Consider that the microwave already has a circuit which controls the timer and the magnetron
(the thing that produces the microwaves). Your goal is to design a simple circuit which
controls the turntable. The turntable is powered by a gear box which takes two input bits:
• 𝑅. If 𝑅 ≡ 1, the gear box rotates. If 𝑅 ≡ 0 the gear box does not rotate.
• 𝐶. If 𝐶 ≡ 1 and 𝑅 ≡ 1, the gearbox turns clockwise. If 𝐶 ≡ 0 and 𝑅 ≡ 1, the gearbox
turns counterclockwise.
The manufacturer of this microwave requests a synchronous circuit which will control the
gearbox to alternate between clockwise and counterclockwise rotation each time
the microwave is turned on. The circuit to be designed will receive a single input bit 𝐼
from the circuit controlling the magnetron.
• When 𝐼 ≡ 1, the turntable should rotate.
• When 𝐼 ≡ 0, the turntable should not rotate.
To guide your design process, complete parts (a) to (d) below.
(a) Draw a Finite State Machine which describes this state circuit. Since this circuit has
4 possible combinations of outputs, it should have 4 states. Be sure to include the inputs
and outputs in the FSM. Order the outputs as 𝑅𝐶.
Hence, a transition in the FSM will be
labelled as 𝐼⇑𝑅𝐶. The change in direction should be triggered by the microwave turning on.

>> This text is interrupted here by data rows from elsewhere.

Lemma two_connected_ear (U : {set V}) a b e :
  two_connected U -> a \in U -> b \in U -> a != b -> uniq e ->
  all (fun y => y \notin U) e -> path adj a (rcons e b) ->
  two_connected (U :|: [set y in e]).
Proof.
move=> tcU aU bU ab ue /allP eU pe x; set S := _ :\ x.
have inS z : (z \in U) || (z \in e) -> z != x -> z \in S by move=> zUe zx; rewrite !inE zx.
have toU z d : z \in U -> d \in U -> z != x -> d != x -> connect (und_arc arc S) z d.
  move=> zU dU zx dx; apply: connect_und_sub (und_connectedE (tcU x) _ _);
    by rewrite ?setSD ?subsetUl // !inE ?zx ?dx.
have aNe : a \notin e by apply: contraTN aU => /eU.
have bNe : b \notin e by apply: contraTN bU => /eU.
have uab : uniq (a :: rcons e b) by rewrite /= mem_rcons inE negb_or ab aNe rcons_uniq bNe ue.
pose c := if x == a then b else a.
have [cU cx] : c \in U /\ c != x.
  by rewrite /c; case: (eqVneq x a) => [->|]; rewrite ?aU ?bU // eq_sym.
apply: (und_connected_star (inS c _ cx)) => [|y]; first by rewrite cU.
rewrite !inE => /andP[yx /orP[yU|ye]]; first exact: toU.
have [l1 [l2 el]] : exists l1 l2, e = l1 ++ y :: l2 by case/splitPr: ye => l1 l2; exists l1, l2.
have {}inS z : z \in a :: rcons e b -> z != x -> z \in S.
  move=> zp; apply: inS; move: zp; rewrite inE mem_rcons inE.
  by case/or3P=> [/eqP->|/eqP->|->]; rewrite ?aU ?bU ?orbT.
move: uab pe inS; rewrite el rcons_cat -cat_cons cat_uniq cat_path.
move=> /and3P[_ disj _] /andP[p1 /= /andP[ly p2]] inS.
have [xl1|xNl1] := boolP (x \in a :: l1).
- have xNl2 : x \notin y :: rcons l2 b by apply: contraNN disj => xl2; apply/hasP; exists x.
  have := connect_und_path (S := S) p2; rewrite last_rcons => yb.
  apply: connect_trans (yb _) (toU _ _ bU cU _ cx).
    move=> z zl2; apply: inS; last by apply: contraNneq xNl2 => <-.
    by rewrite -cat_cons mem_cat zl2 orbT.
  by apply: contraNneq xNl2 => <-; rewrite inE mem_rcons mem_head orbT.
- have pay : path adj a (rcons l1 y) by rewrite rcons_path p1 ly.
  have := connect_und_path (S := S) pay; rewrite last_rcons connect_und_sym => ya.
  have ax : a != x by apply: contraNneq xNl1 => <-; apply: mem_head.
  apply: connect_trans (ya _) (toU _ _ aU cU ax cx) => z.
  rewrite -rcons_cons mem_rcons in_cons => /orP[/eqP->|zl1].
    by apply: inS yx; rewrite -cat_cons mem_cat mem_head orbT.
  by apply: inS; [rewrite -cat_cons mem_cat zl1 | apply: contraNneq xNl1 => <-].
Qed.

(b) Create a truth table to describe the inputs, outputs, and transitions of your FSM. That
is, create a truth table describing the combinational logic of your eventual state circuit.
Since
there are 4 states, you must have 2 bits of “input” to encode the current state, and 2 bits of
“output” to encode the next state. (Hint: your table should have 8 rows and 7 columns.)
(c) Give the DNF for each output of the combinational part of your state circuit (there are
4 of them; recall that the “next state” is part of the combinational logic output). Then,
simplify each DNF into a reduced sum of products.
For this particular question, you do not
need to specify the Boolean law being applied at each step of the simplification.
(d) Draw a circuit which implements the combinational logic of your turntable controller
circuit.
That is, draw a circuit implementing your 4 simplified formulas from part (c). Use
gates with arity at most 2. For clarity (and to avoid crossing too many lines), you may draw
4 independent circuits, one for each output bit.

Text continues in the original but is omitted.